Top Echelon Network Policy 9c

Issue: Candidate ownership after a candidate is placed in a contract (or temporary) position

Date: 11/01/94

After a candidate is placed in a temporary or contracting assignment, and the assignment ends or is terminated, the recruiter who originally supplied the candidate retains "ownership" of the candidate. If the job order agency wishes to again place the candidate in another temporary, contract, or permanent assignment, a full fee will be due to the candidate recruiter.

Spirit of this Policy
As the demand for contracting continues to increase, it becomes more important to address this issue. Top Echelon Network has witnessed the destruction of Trading Partner relationships because the job order agency would place a candidate in a short-term contract assignment one time, pay the candidate recruiter a normal split fee, and proceed to place the candidate a second and third time without wanting to compensate the candidate recruiter. The job order agency typically doesn’t feel the submitting agency is entitled to any portion of these future earnings, and the candidate recruiter typically feels he is being cheated. The result being, the two firms can no longer work together. In order for Trading Partner relationships to flourish, both recruiters must share in the winnings when times are good and struggle through the hard times when things are bad. If the candidate recruiter isn’t compensated on future placements of his candidate, he not only will feel deceived, but he also has no incentive to let his candidate work the job order agency’s assignment. Obviously, this creates an unhealthy environment and future split placements will not occur.

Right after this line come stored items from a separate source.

(* Let $M$ be a finitely generated right $R$-module. Then $M$ is injective if and only if $M$ is both weakly injective and quasi-pseudo principally injective.
   Context: All rings are associative with identity and all modules are unitary right $R$-modules; $E(M)$ denotes the injective hull of $M$. $M$ is weakly injective if for every finitely generated submodule $N$ of $E(M)$ there is a submodule $X$ of $E(M)$ with $N\subseteq X\cong M$. A submodule $A$ of $M$ is $M$-cyclic if $A\cong M/L$ for some submodule $L$ of $M$ (equivalently, $A$ is the image of an endomorphism of $M$). $M$ is quasi-pseudo principally injective if for every $M$-cyclic submodule $A$ of $M$, every $R$-monomorphism $A\to M$ extends to an $R$-endomorphism of $M$. *)

(* Right R-modules are modelled as left modules over the
   converse ring R^c, i.e. M : lmodType R^c, where  a *: m  stands for  m·a. *)
From HB Require Import structures.
From mathcomp Require Import all_boot all_order all_algebra.
Set Implicit Arguments. Unset Strict Implicit. Unset Printing Implicit Defensive.
Import GRing.Theory.
Local Open Scope ring_scope.

Section ModuleDefs.
Variable R : nzRingType.
Local Notation rmod := (lmodType R^c).

Definition is_submodule (V : rmod) (S : {pred V}) : Prop := submod_closed S.

Definition hom_on (V W : rmod) (A : {pred V}) (f : V -> W) : Prop :=
  forall (a : R^c) (x y : V), x \in A -> y \in A -> f (a *: x + y) = a *: f x + f y.

Definition inj_on (V W : rmod) (A : {pred V}) (f : V -> W) : Prop :=
  forall x y : V, x \in A -> y \in A -> f x = f y -> x = y.

Definition fg_submodule (V : rmod) (A : {pred V}) : Prop :=
  exists s : seq V, all (fun v => v \in A) s /\
    forall x, x \in A -> exists c : 'I_(size s) -> R^c,
        x = \sum_(i < size s) c i *: s`_i.

Definition fin_gen (M : rmod) : Prop := @fg_submodule M predT.

Definition injective_module (M : rmod) : Prop :=
  forall (N : rmod) (A : {pred N}) (f : N -> M),
    is_submodule A -> hom_on A f ->
    exists g : {linear N -> M}, forall x, x \in A -> g x = f x.

Definition injective_hull (M E : rmod) (iota : {linear M -> E}) : Prop :=
  [/\ injective_module E, injective iota &
      forall S : {pred E}, is_submodule S ->
        (forall x, x \in S -> (exists m, iota m = x) -> x = 0) ->
        forall x, x \in S -> x = 0].

Definition weakly_injective (M : rmod) : Prop :=
  exists (E : rmod) (iota : {linear M -> E}), injective_hull iota /\
    forall N : {pred E}, is_submodule N -> fg_submodule N ->
      exists X : {pred E}, [/\ is_submodule X,
        (forall x, x \in N -> x \in X) &
        exists h : {linear M -> E}, injective h /\
          forall x, x \in X <-> exists m, h m = x].

Definition M_cyclic (M : rmod) (A : {pred M}) : Prop :=
  exists phi : {linear M -> M}, forall x, x \in A <-> exists m, phi m = x.

Definition qppi (M : rmod) : Prop :=
  forall (A : {pred M}) (f : M -> M),
    is_submodule A -> M_cyclic A -> hom_on A f -> inj_on A f ->
    exists g : {linear M -> M}, forall x, x \in A -> g x = f x.

End ModuleDefs.

From HB Require Import structures.
From mathcomp Require Import all_boot all_order all_algebra.
From mathcomp Require Import boolp.
Set Implicit Arguments. Unset Strict Implicit. Unset Printing Implicit Defensive.
Import GRing.Theory.
Local Open Scope ring_scope.

(* If M is injective, take E(M) = M.  Conversely, given e in E(M), weak
   injectivity yields X = h(M) containing both e and the image of M, for a
   monomorphism h.  Then iota = h o phi for a monomorphism phi of M, and by
   quasi-pseudo principal injectivity the inverse of phi on phi(M) extends to
   g with g o phi = id.  The submodule h(ker g) meets iota(M) trivially, so
   ker g = 0 by essentiality; hence phi is onto, X = iota(M) and e lies in
   iota(M).  Thus M is isomorphic to the injective module E(M). *)

Section LinearOf.
Variables (R : nzRingType) (U V : lmodType R^c) (f : U -> V).
Hypothesis fP : forall (a : R^c) x y, f (a *: x + y) = a *: f x + f y.

Definition linear_of := f.
Fact linear_of_is_linear : linear linear_of. Proof. exact: fP. Qed.
HB.instance Definition _ :=
  GRing.isLinear.Build R^c U V *:%R linear_of linear_of_is_linear.

Lemma exists_linear : exists g : {linear U -> V}, g =1 f.
Proof. by exists linear_of. Qed.

End LinearOf.

Section Span.
Variables (R : nzRingType) (U : lmodType R^c).

Lemma submodule_sum (S : {pred U}) n (c : 'I_n -> R^c) (v : 'I_n -> U) :
  is_submodule S -> (forall i, v i \in S) -> \sum_(i < n) c i *: v i \in S.
Proof.
move=> [S0 SL] Sv; apply: (big_ind (fun x => x \in S)) => // [x y Sx Sy|i _].
  by rewrite -[x]scale1r SL.
by rewrite -[_ *: _]addr0 SL.
Qed.

Definition span (t : seq U) : {pred U} :=
  [pred x | `[< exists c : 'I_(size t) -> R^c, x = \sum_(i < size t) c i *: t`_i >]].

Lemma spanP (t : seq U) x :
  reflect (exists c : 'I_(size t) -> R^c, x = \sum_(i < size t) c i *: t`_i)
          (x \in span t).
Proof. exact: asboolP. Qed.

Lemma span_submodule (t : seq U) : is_submodule (span t).
Proof.
split; first by apply/spanP; exists (fun=> 0); rewrite big1 // => i _; rewrite scale0r.
move=> a _ _ /spanP[cu ->] /spanP[cv ->]; apply/spanP.
exists (fun i => a * cu i + cv i); rewrite scaler_sumr -big_split /=.
by apply: eq_bigr => i _; rewrite scalerDl scalerA.
Qed.

Lemma mem_span (t : seq U) j : (j < size t)%N -> t`_j \in span t.
Proof.
move=> lt_j; apply/spanP; exists (fun i => ((i : nat) == j)%:R).
rewrite (bigD1 (Ordinal lt_j)) //= eqxx scale1r big1 ?addr0 // => i.
by rewrite -val_eqE /= => /negbTE->; rewrite scale0r.
Qed.

Lemma span_fg (t : seq U) : fg_submodule (span t).
Proof.
exists t; split; last by move=> x /spanP.
by apply/(all_nthP 0) => j; apply: mem_span.
Qed.

End Span.

Section Images.
Variables (R : nzRingType) (U V : lmodType R^c).

Definition image_on (h : U -> V) (A : {pred U}) : {pred V} :=
  [pred x | `[< exists2 u, u \in A & h u = x >]].

Lemma image_onP (h : U -> V) (A : {pred U}) x :
  reflect (exists2 u, u \in A & h u = x) (x \in image_on h A).
Proof. exact: asboolP. Qed.

Lemma image_on_submodule (h : {linear U -> V}) (A : {pred U}) :
  is_submodule A -> is_submodule (image_on h A).
Proof.
move=> [A0 AL]; split; first by apply/image_onP; exists 0; rewrite ?linear0.
move=> a _ _ /image_onP[u Au <-] /image_onP[v Av <-].
by apply/image_onP; exists (a *: u + v); rewrite ?AL ?linearP.
Qed.

Lemma kernel_submodule (g : {linear U -> V}) :
  is_submodule [pred u | g u == 0].
Proof.
split; first by rewrite inE linear0.
by move=> a u v; rewrite !inE linearP => /eqP-> /eqP->; rewrite scaler0 addr0.
Qed.

Lemma fg_submodule_containing (iota : {linear U -> V}) (e : V) :
  fin_gen U -> exists N : {pred V},
    [/\ is_submodule N, fg_submodule N, e \in N & forall u, iota u \in N].
Proof.
move=> [s [_ s_gen]]; set t := e :: map iota s.
exists (span t); split; [exact: span_submodule | exact: span_fg | | ].
  exact: (mem_span (t := t) (j := 0) isT).
move=> u; have [c ->] := s_gen u isT; rewrite linear_sum.
under eq_bigr do rewrite linearZ.
apply: submodule_sum => [|i]; first exact: span_submodule.
rewrite -(nth_map 0 0 iota (ltn_ord i)).
by apply: (mem_span (t := t) (j := i.+1)); rewrite /= size_map ltnS.
Qed.

Lemma factor_through_mono (W : lmodType R^c)
    (h : {linear U -> V}) (k : {linear W -> V}) :
  injective h -> (forall w, exists u, h u = k w) ->
  exists phi : {linear W -> U}, forall w, h (phi w) = k w.
Proof.
move=> h_inj /choice[phi hphi].
have phiP a x y : phi (a *: x + y) = a *: phi x + phi y.
  by apply: h_inj; rewrite linearP /= !hphi linearP.
by have [psi psiE] := exists_linear phiP; exists psi => w; rewrite psiE.
Qed.

End Images.

Lemma qppi_retraction (R : nzRingType) (M : lmodType R^c) (phi : {linear M -> M}) :
  qppi M -> injective phi -> exists g : {linear M -> M}, cancel phi g.
Proof.
move=> Mq phi_inj; set A := image_on phi predT.
have /choice[f fP] : forall x, exists y, x \in A -> phi y = x.
  by move=> x; case: (image_onP phi predT x) => [[m _ <-]|]; [exists m | exists 0].
have f_phi m : f (phi m) = m by apply: phi_inj; rewrite fP //; apply/image_onP; exists m.
have [g gE] : exists g : {linear M -> M}, forall x, x \in A -> g x = f x.
  apply: Mq; first exact: image_on_submodule.
  - by exists phi => x; split => [/image_onP[m _ <-]|[m <-]]; [|apply/image_onP]; exists m.
  - by move=> a _ _ /image_onP[u _ <-] /image_onP[v _ <-]; rewrite -linearP !f_phi.
  - by move=> x y Ax Ay fxy; rewrite -(fP x Ax) -(fP y Ay) fxy.
by exists g => m; rewrite gE ?f_phi //; apply/image_onP; exists m.
Qed.

Section EssentialRetraction.
Variables (R : nzRingType) (M E : lmodType R^c) (iota h : {linear M -> E}).
Hypothesis iota_ess : forall S : {pred E}, is_submodule S ->
  (forall x, x \in S -> (exists m, iota m = x) -> x = 0) ->
  forall x, x \in S -> x = 0.
Hypothesis h_inj : injective h.

Lemma retraction_injective (phi g : {linear M -> M}) :
  (forall m, h (phi m) = iota m) -> cancel phi g -> injective g.
Proof.
move=> h_phi phiK.
suff ker0 k : g k = 0 -> k = 0.
  move=> x y gxy; apply/eqP; rewrite -subr_eq0; apply/eqP/ker0.
  by rewrite linearB /= gxy subrr.
move=> gk0; apply: h_inj; rewrite linear0.
have S_sub := image_on_submodule h (kernel_submodule g).
apply: (iota_ess S_sub); last by apply/image_onP; exists k; rewrite ?inE ?gk0.
move=> _ /image_onP[k' /eqP gk'0 <-] [m hm].
have k'E : k' = phi m by apply: h_inj; rewrite h_phi.
have m0 : m = 0 by rewrite -[LHS]phiK -k'E.
by rewrite k'E m0 !linear0.
Qed.

Lemma hull_image_maximal : injective iota -> qppi M ->
  (forall m, exists m', h m' = iota m) -> forall m, exists m', iota m' = h m.
Proof.
move=> iota_inj Mq iota_sub_h m.
have [phi h_phi] := factor_through_mono h_inj iota_sub_h.
have phi_inj : injective phi by move=> x y /(congr1 h); rewrite !h_phi => /iota_inj.
have [g phiK] := qppi_retraction Mq phi_inj.
have gK : cancel g phi := inj_can_sym phiK (retraction_injective h_phi phiK).
by exists (g m); rewrite -h_phi gK.
Qed.

End EssentialRetraction.

Lemma injective_qppi (R : nzRingType) (M : lmodType R^c) :
  injective_module M -> qppi M.
Proof. by move=> Minj A f Asub _ f_hom _; apply: Minj. Qed.

Lemma injective_weakly_injective (R : nzRingType) (M : lmodType R^c) :
  injective_module M -> weakly_injective M.
Proof.
move=> Minj; exists M, idfun; split.
  by split=> // S _ S_iota x Sx; apply: S_iota => //; exists x.
move=> N _ _; exists (predT : {pred M}); split=> //; exists idfun; split=> // x.
by split=> // _; exists x.
Qed.

Lemma injective_module_iso (R : nzRingType) (M E : lmodType R^c)
    (iota : {linear M -> E}) :
  injective_module E -> injective iota -> (forall e, exists m, iota m = e) ->
  injective_module M.
Proof.
move=> Einj iota_inj iota_surj N A f Asub f_hom.
have [G GE] : exists G : {linear N -> E}, forall x, x \in A -> G x = iota (f x).
  by apply: Einj => // a x y Ax Ay; rewrite f_hom // linearP.
have [g gE] := factor_through_mono iota_inj (fun x => iota_surj (G x)).
by exists g => x Ax; apply: iota_inj; rewrite gE GE.
Qed.

Theorem proposition2p13 (R : nzRingType) (M : lmodType R^c) :
  fin_gen M ->
  (injective_module M <-> weakly_injective M /\ qppi M).
Proof.
move=> Mfg; split=> [Minj | [[E [iota [[Einj iota_inj iota_ess] Mweak]] Mq]]].
  by split; [exact: injective_weakly_injective | exact: injective_qppi].
apply: (injective_module_iso Einj iota_inj) => e.
have [N [Nsub Nfg Ne iotaN]] := fg_submodule_containing iota e Mfg.
have [X [_ NX [h [h_inj hX]]]] := Mweak N Nsub Nfg.
have [m <-] := (hX e).1 (NX e Ne).
apply: (hull_image_maximal iota_ess h_inj iota_inj Mq) => m'.
by apply/hX/NX/iotaN.
Qed.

Therefore, it is Top Echelon Network’s feeling that when a job order agency uses another recruiter’s candidate for a short-term temporary or contracting assignment, future placements (temporary, contract, or permanent) of the candidate should also result in a normal split placement fee being paid to the original candidate recruiter. If the placing agency doesn’t agree with this policy, they should go recruit their own candidate and not use the candidate of the candidate recruiter. It is our feeling that the only time the job order agency will not owe the candidate recruiter a fee on future placements of his candidate is when the placing agency has broken "the chain of communication" with the candidate for a significant period of time (e.g., no less than 18 months), and the candidate contacted the job order agency for help, and the job order agency can prove this. See Policy #9b for a description of the "chain of communication."

This policy follows the industry’s BUT FOR RULE. Due to the nature of contracting assignments, the job order agency will maintain an "on and off" level of communication with a contracting candidate sometimes for years. This being the case, if the job order agency wishes to place the candidate again, a full split is required because "BUT FOR" that original agency’s referral of the candidate, there would not be a candidate to place.